05-10-2016, 03:10 PM
1457929063-semanticBasepaper.pdf (Size: 1.62 MB / Downloads: 4)
Abstract—Existing social networking services recommend friends to users based on their social graphs, which may not be the most
appropriate to reflect a user’s preferences on friend selection in real life. In this paper, we present Friendbook, a novel semantic-based
friend recommendation system for social networks, which recommends friends to users based on their life styles instead of social
graphs. By taking advantage of sensor-rich smartphones, Friendbook discovers life styles of users from user-centric sensor data,
measures the similarity of life styles between users, and recommends friends to users if their life styles have high similarity. Inspired by
text mining, we model a user’s daily life as life documents, from which his/her life styles are extracted by using the Latent Dirichlet
Allocation algorithm. We further propose a similarity metric to measure the similarity of life styles between users, and calculate users’
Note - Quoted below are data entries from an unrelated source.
(* Let $\mathcal{R}=\{f_1,\dots,f_m\}$ be the set of area inequalities of a Lagrangian diagram with crossings $q_1,\dots,q_n$, each $f_i$ of the form $\sum_{j=1}^n\alpha_{i,j}h(q_j)>0$ with $\alpha_{i,j}\in\{-2,-1,0,1,2\}$. Suppose the flooding algorithm succeeds, producing tiers $T_1,\dots,T_M$. Define integers $h_M=1$ and $h_k=1+\sum_{i=k+1}^M 2h_i|T_i|$ for $k=M-1,\dots,1$. Then assigning height $h(q)=h_k$ to each crossing $q\in T_k$, for $1\le k\le M$, gives a valid height assignment for the Lagrangian diagram, i.e. all inequalities in $\mathcal{R}$ are satisfied.
   Context: For a Lagrangian diagram (knot diagram planar isotopic to the Lagrangian projection $(x,y,z)\mapsto(x,y)$ of a Legendrian knot in $(\mathbb{R}^3, dz-y\,dx)$), an area patch is a bounded component of the complement of the diagram. Traversing the boundary of a patch $P$ with the boundary orientation, a corner where one passes from an understrand to an overstrand gets positive Reeb sign, other corners negative Reeb sign. The area inequality of $P$ is: the sum over corners of $P$ of (Reeb sign)$\cdot h(\text{crossing})$ is $>0$ (a crossing may appear with multiplicity, hence coefficients in $\{-2,\dots,2\}$); these form $\mathcal{R}$. Flooding algorithm: start with $\mathcal{R}'=\mathcal{R}$ and $k=1$. (i) Let $T_k=\{q_j:\alpha_{i,j}\ge0$ for every $f_i\in\mathcal{R}'\}$ among crossings not yet assigned to a tier. (ii) If $T_k=\emptyset$ the algorithm fails; otherwise, for each $q_j\in T_k$ remove from $\mathcal{R}'$ every $f_i$ with $\alpha_{i,j}>0$. (iii) If $\mathcal{R}'\ne\emptyset$, increase $k$ by one and return to (i); if $\mathcal{R}'=\emptyset$, let $T_{k+1}$ be the set of crossings in no earlier tier and $M=k+1$; the algorithm succeeds. The tiers partition $\{q_1,\dots,q_n\}$, and $|T_i|$ denotes the cardinality of $T_i$. *)

From mathcomp Require Import all_boot all_order all_algebra.
Set Implicit Arguments. Unset Strict Implicit. Unset Printing Implicit Defensive.
Import Order.TTheory GRing.Theory Num.Theory.
Local Open Scope ring_scope.

(* Crossings q_1..q_n are indexed by 'I_n, area inequalities f_1..f_m by 'I_m.
   The inequality f_i reads  \sum_j alpha i j * h(q_j) > 0. *)

(* Rp = current R' (set of remaining inequalities),
   U  = crossings not yet assigned to a tier. *)
Fixpoint flood_aux (m n : nat) (alpha : 'I_m -> 'I_n -> int) (fuel : nat)
    (Rp : {set 'I_m}) (U : {set 'I_n}) : option (seq {set 'I_n}) :=
  match fuel with
  | 0%N => None
  | fuel'.+1 =>
    let T := [set j in U | [forall i in Rp, (0 <= alpha i j)%R]] in
    if T == set0 then None
    else
      let Rp' := Rp :\: [set i in Rp | [exists j in T, (0 < alpha i j)%R]] in
      let U' := U :\: T in
      if Rp' == set0 then Some [:: T; U']
      else match flood_aux alpha fuel' Rp' U' with
           | None => None
           | Some ts => Some (T :: ts)
           end
  end.

(* Each successful round assigns a nonempty tier, so at most
   n rounds can succeed before the algorithm fails; fuel n.+1 never truncates it. *)
Definition flooding (m n : nat) (alpha : 'I_m -> 'I_n -> int)
  : option (seq {set 'I_n}) :=
  flood_aux alpha n.+1 [set: 'I_m] [set: 'I_n].

(* Given the tier sizes |T_1|,...,|T_M|, the heights h_1,...,h_M with
   h_k = 1 + \sum_{i=k+1}^M 2 h_i |T_i|  (so h_M = 1). *)
Fixpoint tier_heights (sizes : seq nat) : seq int :=
  match sizes with
  | [::] => [::]
  | _ :: cs =>
    let hs := tier_heights cs in
    (1 + \sum_(p <- zip hs cs) 2 * p.1 * (p.2)%:Z) :: hs
  end.

(* Index (0-based) of the tier containing q. *)
Definition tier_index (n : nat) (tiers : seq {set 'I_n}) (q : 'I_n) : nat :=
  find (fun T : {set 'I_n} => q \in T) tiers.

Definition flood_height (n : nat) (tiers : seq {set 'I_n}) (q : 'I_n) : int :=
  nth 0 (tier_heights (map (fun T : {set 'I_n} => #|T|) tiers)) (tier_index tiers q).

(** If f_i leaves R' in round k, then all its coefficients on T_k are
    nonnegative and one is positive, while its coefficients on the earlier
    tiers are nonnegative as well.  Hence f_i is at least
    h_k - \sum_(l > k) 2 h_l |T_l| = 1, because every coefficient is at
    least -2 and there are |T_l| crossings at height h_l. *)

From mathcomp Require Import all_boot all_order all_algebra.
Set Implicit Arguments. Unset Strict Implicit. Unset Printing Implicit Defensive.
Import Order.TTheory GRing.Theory Num.Theory.
Local Open Scope ring_scope.

Definition tier_sizes n (ts : seq {set 'I_n}) : seq nat :=
  map (fun T : {set 'I_n} => #|T|) ts.

Definition tier_weight (cs : seq nat) : int :=
  \sum_(p <- zip (tier_heights cs) cs) 2 * p.1 * (p.2)%:Z.

Lemma tier_weight_nil : tier_weight [::] = 0.
Proof. by rewrite /tier_weight big_nil. Qed.

Lemma tier_weight_cons c cs :
  tier_weight (c :: cs) = 2 * (1 + tier_weight cs) * c%:Z + tier_weight cs.
Proof. by rewrite /tier_weight /= big_cons. Qed.

Lemma tier_weight_ge0 cs : 0 <= tier_weight cs.
Proof.
elim: cs => [|c cs IH]; first by rewrite tier_weight_nil.
by rewrite tier_weight_cons addr_ge0 // !mulr_ge0 // addr_ge0.
Qed.

Section FloodHeight.
Variable n : nat.
Implicit Types (T U V : {set 'I_n}) (ts : seq {set 'I_n}) (a : 'I_n -> int).

Lemma flood_height_head T ts j : j \in T ->
  flood_height (T :: ts) j = 1 + tier_weight (tier_sizes ts).
Proof. by move=> jT; rewrite /flood_height /tier_index /= jT. Qed.

Lemma flood_height_behead T ts j : j \notin T ->
  flood_height (T :: ts) j = flood_height ts j.
Proof. by move=> /negbTE jT; rewrite /flood_height /tier_index /= jT. Qed.

Lemma flood_height_ge0 ts j : 0 <= flood_height ts j.
Proof.
elim: ts => [|T ts IH]; first by rewrite /flood_height nth_nil.
have [/flood_height_head -> | /flood_height_behead -> //] := boolP (j \in T).
by rewrite addr_ge0 ?tier_weight_ge0.
Qed.

Lemma sum_flood_height_cons a T ts U : T \subset U ->
  \sum_(j in U) a j * flood_height (T :: ts) j =
  (\sum_(j in T) a j) * (1 + tier_weight (tier_sizes ts))
  + \sum_(j in U :\: T) a j * flood_height ts j.
Proof.
move=> TU; rewrite (big_setID T) /= (setIidPr TU) mulr_suml; congr (_ + _).
  by apply: eq_bigr => j /flood_height_head ->.
by apply: eq_bigr => j; rewrite inE => /andP[/flood_height_behead -> _].
Qed.

(* Each crossing of a covered set is counted at most once, in its first tier. *)
Lemma sum_double_flood_height_le ts V : V \subset \bigcup_(X <- ts) X ->
  \sum_(j in V) 2 * flood_height ts j <= tier_weight (tier_sizes ts).
Proof.
elim: ts V => [|T ts IH] V.
  by rewrite big_nil subset0 => /eqP ->; rewrite big_set0 tier_weight_nil.
rewrite big_cons => Vcov; rewrite tier_weight_cons (big_setID T) /= lerD //.
  rewrite (eq_bigr (fun=> 2 * (1 + tier_weight (tier_sizes ts)))); last first.
    by move=> j; rewrite inE => /andP[_ /flood_height_head ->].
  rewrite sumr_const -[X in X <= _]mulr_natr ler_wpM2l //.
  - by rewrite mulr_ge0 // addr_ge0 ?tier_weight_ge0.
  - by rewrite natz lez_nat subset_leq_card ?subsetIr.
rewrite (eq_bigr (fun j => 2 * flood_height ts j)); last first.
  by move=> j; rewrite inE => /andP[/flood_height_behead -> _].
apply: IH; apply/subsetP => j; rewrite inE => /andP[jT /(subsetP Vcov)].
by rewrite inE (negbTE jT).
Qed.

Lemma sum_flood_height_ge a ts V :
  (forall j, -2 <= a j) -> V \subset \bigcup_(X <- ts) X ->
  - tier_weight (tier_sizes ts) <= \sum_(j in V) a j * flood_height ts j.
Proof.
move=> a_ge Vcov; apply: (le_trans _ (ler_sum _ (fun j _ =>
  ler_wpM2r (flood_height_ge0 ts j) (a_ge j)))).
by rewrite (eq_bigr _ (fun j _ => mulNr _ _)) sumrN lerN2
  sum_double_flood_height_le.
Qed.

End FloodHeight.

Section Flooding.
Variables (m n : nat) (alpha : 'I_m -> 'I_n -> int).

Lemma flood_aux_cover fuel Rp U ts : flood_aux alpha fuel Rp U = Some ts ->
  U \subset \bigcup_(X <- ts) X.
Proof.
elim: fuel Rp U ts => [//|fuel IH] Rp U ts /=.
set T := [set j in U | _]; case: ifP => // _.
set U' := U :\: T; have U_split : U \subset T :|: U'.
  by apply/subsetP => j jU; rewrite !inE jU andbT orbN.
case: ifP => [_ [<-] | _].
  by rewrite !big_cons big_nil setU0.
case E: flood_aux => [ts'|] // [<-].
by rewrite big_cons (subset_trans U_split) ?setUS ?(IH _ _ _ E).
Qed.

Hypothesis alpha_ge : forall i j, -2 <= alpha i j.

Lemma flood_aux_sound fuel Rp U ts : flood_aux alpha fuel Rp U = Some ts ->
  forall i, i \in Rp -> 0 < \sum_(j in U) alpha i j * flood_height ts j.
Proof.
elim: fuel Rp U ts => [//|fuel IH] Rp U ts /=.
set T := [set j in U | _]; case: ifP => // _.
set Rp' := _ :\: _; set U' := U :\: T => succ i iRp.
have [ts' [-> cov rec]] : exists ts', [/\ ts = T :: ts',
    U' \subset \bigcup_(X <- ts') X &
    i \in Rp' -> 0 < \sum_(j in U') alpha i j * flood_height ts' j].
  move: succ; case: ifP => [/eqP Rp'0 [<-] | _].
    by exists [:: U']; rewrite Rp'0 inE big_cons big_nil setU0.
  case E: flood_aux => [ts'|] // [<-].
  by exists ts'; split; [|exact: flood_aux_cover E | exact: IH _ _ _ E i].
have T_ge0 j : j \in T -> 0 <= alpha i j.
  by rewrite inE => /andP[_ /forall_inP]; apply.
have w_ge0 := tier_weight_ge0 (tier_sizes ts').
rewrite sum_flood_height_cons; last by apply/subsetP => j; rewrite inE => /andP[].
have [/rec rest_gt0 | ] := boolP (i \in Rp').
  by rewrite ltr_wpDl // mulr_ge0 ?sumr_ge0 ?addr_ge0.
rewrite !inE iRp andbT negbK => /exists_inP[j0 j0T alpha_j0_gt0].
have sumT_ge1 : 1 <= \sum_(j in T) alpha i j.
  rewrite (bigD1 j0) //= -[1]addr0 lerD //.
  by apply: sumr_ge0 => j /andP[/T_ge0].
have tierT_ge : 1 + tier_weight (tier_sizes ts') <=
    (\sum_(j in T) alpha i j) * (1 + tier_weight (tier_sizes ts')).
  by rewrite -[X in X <= _]mul1r ler_wpM2r ?addr_ge0.
have := lerD tierT_ge (sum_flood_height_ge (alpha_ge i) cov).
by apply: lt_le_trans; rewrite addrK.
Qed.

End Flooding.

Theorem proposition5p1 (m n : nat) (alpha : 'I_m -> 'I_n -> int)
  (halpha : forall i j, -2 <= alpha i j <= 2)
  (tiers : seq {set 'I_n})
  (hsucc : flooding alpha = Some tiers) :
  forall i : 'I_m, 0 < \sum_(j < n) alpha i j * flood_height tiers j.
Proof.
move=> i; have alpha_ge i' j : -2 <= alpha i' j by case/andP: (halpha i' j).
have := flood_aux_sound alpha_ge hsucc (in_setT i).
by under [X in 0 < X -> _]eq_bigl do rewrite in_setT.
Qed.
Lemma route_step i : i < 2 * l ->
  route l x m z i.+1 = hnext l i (route l x m z i) (nth 0 (route l x m z i.+1) (cc l i)).
Proof.
move=> lt_i; have lt_c := cc_lt lt_i.
apply: (@eq_from_nth _ 0) => [|k]; first by rewrite size_set_nth !size_mkseq; lia.
rewrite size_mkseq => lt_k; rewrite nth_set_nth /=; case: eqP => [-> // | ne_kc].
by rewrite !nth_mkseq // phase_step // (introF eqP ne_kc) addn0.
Qed.

Lemma route_cc i : i < 2 * l ->
  nth 0 (route l x m z i) (cc l i) = (if l <= i then nth 0 m (cc l i) else nth 0 x (cc l i))
  /\ nth 0 (route l x m z i.+1) (cc l i) =
     (if l <= i then nth 0 z (cc l i) else nth 0 m (cc l i)).
Proof.
move=> lt_i; have lt_c := cc_lt lt_i.
by rewrite !nth_mkseq // phase_step // eqxx phase_cc //; case: (l <= i).
Qed.

End Route.

Definition coord (j : seq nat) (k : nat) : int := (nth 0 j k)%:Z.

Local Open Scope ring_scope.

(* Along an edge of H it grows by at most the weight of the edge, with
   equality exactly when the coordinate moves by lam_{c(i)}. *)
Definition phi (b l : nat) (lam : nat -> int) (i : nat) (j : seq nat) : int :=
  i%:Z * (Aw b l)%:Z + \sum_(k < l) (2 * lam k * coord j k - (phase l i k)%:Z * lam k ^+ 2).

Lemma wt_int b l i j t :
  (wt b l i j t)%:Z = (Aw b l)%:Z + (t%:Z - coord j (cc l i)) ^+ 2.
Proof. by rewrite /wt /coord; nia. Qed.

Lemma phi_step b l (lam : nat -> int) i j t : (i < 2 * l)%N ->
  phi b l lam i.+1 (hnext l i j t) - phi b l lam i j =
  (Aw b l)%:Z + 2 * lam (cc l i) * (t%:Z - coord j (cc l i)) - lam (cc l i) ^+ 2.
Proof.
move=> lt_i; rewrite /phi opprD addrACA -sumrB (bigD1 (Ordinal (cc_lt lt_i))) //=.
rewrite big1 => [|k ne_kc]; last first.
  have {}ne_kc : (k == cc l i :> nat) = false := negPf ne_kc.
  by rewrite /coord nth_set_nth /= ne_kc phase_step ?ne_kc ?addn0 ?subrr ?ltn_ord //.
by rewrite /coord nth_set_nth /= eqxx phase_step ?eqxx ?cc_lt //; lia.
Qed.

Lemma wt_sub_phi_step b l (lam : nat -> int) i j t : (i < 2 * l)%N ->
  (wt b l i j t)%:Z - (phi b l lam i.+1 (hnext l i j t) - phi b l lam i j) =
  (t%:Z - coord j (cc l i) - lam (cc l i)) ^+ 2.
Proof. by move=> lt_i; rewrite phi_step // wt_int; ring. Qed.

(* The potential extended to all of G: it rises by one per step down an
   out-tree, falls by one per step up an in-tree, and is interpolated along
   each subdivided edge with slope one, truncated at the required increment. *)
Definition clamp (q D : int) : int := Num.max (- q) (Num.min q D).

Definition Phi (b l : nat) (lam : nat -> int) (v : vtx) : int :=
  match v with
  | VMain i j => phi b l lam i j
  | VTree i j o d _ =>
      if o then phi b l lam i j + d%:Z + 1 else phi b l lam i j - d%:Z - 1
  | VPath i j t q => phi b l lam i j + b%:Z + 1 +
      clamp q%:Z (phi b l lam i.+1 (hnext l i j t) - phi b l lam i j - 2 * b%:Z - 2)
  end.

(* The increment of the potential needed along a subdivided edge never
   exceeds the number of its steps: this is where A = 3 l s^2 is large. *)
Lemma path_slack b l (lam : nat -> int) i j t :
  (i < 2 * l)%N -> valid_idx b l j -> (t < sz b)%N -> `|lam (cc l i)| <= (sz b)%:Z ->
  `|phi b l lam i.+1 (hnext l i j t) - phi b l lam i j - 2 * b%:Z - 2| <= (plen b l i j t)%:Z.
Proof.
move=> lt_i [_ j_lt] lt_t lam_le.
have lt_u := j_lt _ (cc_lt lt_i).
have A_ge := Aw_ge b (leq_ltn_trans (leq0n _) (cc_lt lt_i)).
have s_gt := sz_gt b.
have plen_int : (plen b l i j t)%:Z = (wt b l i j t)%:Z - 2 * b%:Z - 2.
  by rewrite /plen /wt; nia.
rewrite plen_int wt_int phi_step // /coord ler_norml.
move: lam_le lt_u A_ge; set u := nth 0 j (cc l i); set la := lam (cc l i) => la_le lt_u A_ge.
set s := sz b in A_ge s_gt la_le lt_t lt_u *.
have la2 : la ^+ 2 <= s%:Z ^+ 2 by nia.
have s2 : b%:Z + 1 <= s%:Z ^+ 2 by nia.
have := sqr_ge0 (t%:Z - u%:Z - la); have := sqr_ge0 (t%:Z - u%:Z + la).
rewrite !sqrrD !sqrrN; lia.
Qed.

Lemma Phi_pathpt b l lab (lam : nat -> int) i j t q :
  (q <= plen b l i j t)%N ->
  `|phi b l lam i.+1 (hnext l i j t) - phi b l lam i j - 2 * b%:Z - 2| <= (plen b l i j t)%:Z ->
  Phi b l lam (pathpt b l lab i j t q) = phi b l lam i j + b%:Z + 1 +
    clamp q%:Z (phi b l lam i.+1 (hnext l i j t) - phi b l lam i j - 2 * b%:Z - 2).
Proof.
rewrite /pathpt /clamp; case: eqP => [-> | _] /=; first lia.
by case: eqP => [-> | _] //= _; rewrite -/(hnext l i j t); lia.
Qed.

Lemma Phi_lipschitz b l lab (lam : nat -> int) :
  (forall k, (k < l)%N -> `|lam k| <= (sz b)%:Z) ->
  forall u v, adjG b l lab u v -> `|Phi b l lam u - Phi b l lam v| <= 1.
Proof.
move=> lam_le; suff arc_lip x y : arc b l lab x y -> `|Phi b l lam x - Phi b l lam y| <= 1.
  by move=> u v [] /arc_lip; rewrite // distrC.
case=> [i j _ _ | i j _ _ _ | i j [] d p c _ _ _ _ _ | i j t q lt_i vj lt_t lt_q] /=; try lia.
have slack := path_slack lt_i vj lt_t (lam_le _ (cc_lt lt_i)).
rewrite !(Phi_pathpt _ _ slack) ?(ltnW lt_q) // /clamp; lia.
Qed.

Definition dif (y x : seq nat) (k : nat) : int := coord y k - coord x k.

Lemma dif_bound b l y x k :
  valid_idx b l y -> valid_idx b l x -> (k < l)%N -> `|dif y x k| <= (sz b)%:Z.
Proof.
move=> [_ y_lt] [_ x_lt] lt_k; have := y_lt _ lt_k; have := x_lt _ lt_k.
by rewrite /dif /coord; lia.
Qed.

Lemma phi_gain b l i0 i1 x y : (i0 <= i1)%N ->
  (forall k, (k < l)%N -> phase l i1 k = (phase l i0 k).+1) ->
  phi b l (dif y x) i1 y - phi b l (dif y x) i0 x =
  ((i1 - i0) * Aw b l)%N%:Z + \sum_(k < l) dif y x k ^+ 2.
Proof.
move=> le_i phase_next; rewrite /phi opprD addrACA -sumrB; congr (_ + _); first nia.
by apply: eq_bigr => k _; rewrite phase_next // intS /dif; ring.
Qed.

Lemma phi_gain_first b l x j :
  phi b l (dif j x) l j - phi b l (dif j x) 0 x =
  (l * Aw b l)%N%:Z + \sum_(k < l) dif j x k ^+ 2.
Proof. by rewrite phi_gain ?subn0 // => k /phase_l ->. Qed.

Lemma phi_gain_second b l j z :
  phi b l (dif z j) (2 * l) z - phi b l (dif z j) l j =
  (l * Aw b l)%N%:Z + \sum_(k < l) dif z j k ^+ 2.
Proof.
rewrite phi_gain ?leq_pmull // => [|k lt_k]; last by rewrite phase_l ?phase_2l.
by congr (_ %:Z + _); lia.
Qed.

(* Cost of routing through v_{l,j}: the weight of the route x -> j -> z
   minus the 2l copies of A. *)
Definition Cost (l : nat) (x z j : seq nat) : int :=
  \sum_(k < l) dif j x k ^+ 2 + \sum_(k < l) dif z j k ^+ 2.

(* Lower bound: a walk from v_{0,x} to v_{2l,z} crosses the middle layer at
   some v_{l,j} and is at least as long as the route of H through it.  Each
   half is bounded with the potential in the direction it has to travel. *)
Lemma walk_length_lower b l lab ok x z n :
  (0 < l)%N -> valid_idx b l x -> valid_idx b l z ->
  walk (adjG b l lab) ok n (VMain 0 x) (VMain (2 * l) z) ->
  exists j, [/\ valid_idx b l j, ok (VMain l j) &
                (2 * l * Aw b l)%N%:Z + Cost l x z j <= n%:Z].
Proof.
move=> l_gt0 vx vz /(walk_through_middle l_gt0) [j [n1 [n2 [vj <- W1 W2]]]].
exists j; split=> //; first exact: walk_ok_l W2.
have /= := walk_potential (Phi_lipschitz (lab := lab) (fun k => @dif_bound b l j x k vj vx)) W1.
have /= := walk_potential (Phi_lipschitz (lab := lab) (fun k => @dif_bound b l z j k vz vj)) W2.
rewrite phi_gain_first phi_gain_second /Cost; nia.
Qed.

(* The route meets the middle layer only at v_{l,m}. *)
Lemma route_kept b l R x m z i :
  ~ R m -> valid_idx b l m -> kept l R (VMain i (route l x m z i)).
Proof. by move=> notRm vm [j [[-> <-]]]; rewrite (route_l x z vm). Qed.

(* Upper bound: following the route of H from layer i0 to layer i0 + r is a
   walk of G whose length is the gain of any potential whose direction agrees
   with every step of the route, since each edge is then tight. *)
Lemma route_walk b l lab R x m z (lam : nat -> int) i0 r :
  good_lab b lab -> valid_idx b l x -> valid_idx b l m -> valid_idx b l z -> ~ R m ->
  (i0 + r <= 2 * l)%N ->
  (forall i, (i0 <= i < i0 + r)%N ->
     lam (cc l i) = dif (route l x m z i.+1) (route l x m z i) (cc l i)) ->
  exists n, walk (adjG b l lab) (kept l R) n
              (VMain i0 (route l x m z i0)) (VMain (i0 + r) (route l x m z (i0 + r))) /\
    n%:Z = phi b l lam (i0 + r) (route l x m z (i0 + r)) - phi b l lam i0 (route l x m z i0).
Proof.
move=> good vx vm vz notRm.
elim: r => [|r IH] le_r lam_route.
  by exists 0; rewrite addn0 subrr; split=> //; apply: walk0; exact: route_kept notRm vm.
rewrite addnS in le_r lam_route *; set i := (i0 + r)%N in le_r IH lam_route *.
have [|n [W nE]] := IH (ltnW le_r).
  by move=> i' /andP[le_i' lt_i']; apply: lam_route; rewrite le_i' ltnS ltnW.
set t := nth 0%N (route l x m z i.+1) (cc l i).
have lt_t : (t < sz b)%N by case: (route_valid vx vm vz i.+1) => _; apply; apply: cc_lt.
have step : hnext l i (route l x m z i) t = route l x m z i.+1 by rewrite -route_step.
have keep_next : kept l R (VMain i.+1 (hnext l i (route l x m z i) t)).
  by rewrite step; exact: route_kept notRm vm.
have edge := edge_walk good le_r (route_valid vx vm vz i) lt_t (route_kept notRm vm) keep_next.
rewrite step in edge.
exists (n + wt b l i (route l x m z i) t); split; first exact: walk_cat W edge.
have tight := @wt_sub_phi_step b l lam i (route l x m z i) t le_r.
rewrite step lam_route ?leq_addr ?ltnS ?leqnn // /dif /coord -/t in tight.
by rewrite PoszD nE; nia.
Qed.

Lemma walk_length_upper b l lab R x m z :
  good_lab b lab -> valid_idx b l x -> valid_idx b l m -> valid_idx b l z -> ~ R m ->
  exists n, walk (adjG b l lab) (kept l R) n (VMain 0 x) (VMain (2 * l) z) /\
            n%:Z = (2 * l * Aw b l)%N%:Z + Cost l x z m.
Proof.
move=> good vx vm vz notRm.
have first_dir i : (0 <= i < 0 + l)%N ->
    dif m x (cc l i) = dif (route l x m z i.+1) (route l x m z i) (cc l i).
  rewrite /dif /coord => /andP[_ lt_i]; have lt_i2 : (i < 2 * l)%N by lia.
  by have [-> ->] := route_cc x m z lt_i2; rewrite ifF // leqNgt lt_i.
have second_dir i : (l <= i < l + l)%N ->
    dif z m (cc l i) = dif (route l x m z i.+1) (route l x m z i) (cc l i).
  rewrite /dif /coord => /andP[le_i lt_i]; have lt_i2 : (i < 2 * l)%N by lia.
  by have [-> ->] := route_cc x m z lt_i2; rewrite le_i.
have le_first : (0 + l <= 2 * l)%N by lia.
have le_second : (l + l <= 2 * l)%N by lia.
have [n1 [W1 E1]] := route_walk good vx vm vz notRm le_first first_dir.
have [n2 [W2 E2]] := route_walk good vx vm vz notRm le_second second_dir.
rewrite add0n (route_0 m z vx) (route_l x z vm) in W1 E1.
rewrite addnn -mul2n (route_l x z vm) (route_2l x m vz) in W2 E2.
exists (n1 + n2); split; first exact: walk_cat W1 W2.
by rewrite PoszD E1 E2 phi_gain_first phi_gain_second /Cost; nia.
Qed.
impact in terms of life styles with a friend-matching graph. Upon receiving a request, Friendbook returns a list of people with highest
recommendation scores to the query user. Finally, Friendbook integrates a feedback mechanism to further improve the
recommendation accuracy. We have implemented Friendbook on the Android-based smartphones, and evaluated its performance on
both small-scale experiments and large-scale simulations. The results show that the recommendations accurately reflect the
preferences of users in choosing friends.
INTRODUCTION
TWENTY years ago, people typically made friends with
others who live or work close to themselves, such as
neighbors or colleagues. We call friends made through this
traditional fashion as G-friends, which stands for geographical
location-based friends because they are influenced by
the geographical distances between each other. With the
rapid advances in social networks, services such as Facebook,
Twitter and Google+ have provided us revolutionary
ways of making friends. According to Facebook statistics, a
user has an average of 130 friends, perhaps larger than any
other time in history [2].
One challenge with existing social networking services is
how to recommend a good friend to a user. Most of them
rely on pre-existing user relationships to pick friend candidates.
For example, Facebook relies on a social link analysis
among those who already share common friends and recommends
symmetrical users as potential friends. Unfortunately,
this approach may not be the most appropriate based on recent sociology findings [16], [27], [29], [30]. According
to these studies, the rules to group people together include:
1) habits or life style; 2) attitudes; 3) tastes; 4) moral standards;
5) economic level; and 6) people they already know.
Apparently, rule #3 and rule #6 are the mainstream factors
considered by existing recommendation systems. Rule #1,
although probably the most intuitive, is not widely used
because users’ life styles are difficult, if not impossible, to
capture through web actions. Rather, life styles are usually
closely correlated with daily routines and activities. Therefore,
if we could gather information on users’ daily routines
and activities, we can exploit rule #1 and recommend
friends to people based on their similar life styles. This recommendation
mechanism can be deployed as a standalone
app on smartphones or as an add-on to existing social network
frameworks. In both cases, Friendbook can help mobile
phone users find friends either among strangers or within a
certain group as long as they share similar life styles.
In our everyday lives, we may have hundreds of activities,
which form meaningful sequences that shape our lives.
In this paper, we use the word activity to specifically refer to
the actions taken in the order of seconds, such as “sitting”,
“walking”, or “typing”, while we use the phrase life style to
refer to higher-level abstractions of daily lives, such as
“office work” or “shopping”. For instance, the “shopping”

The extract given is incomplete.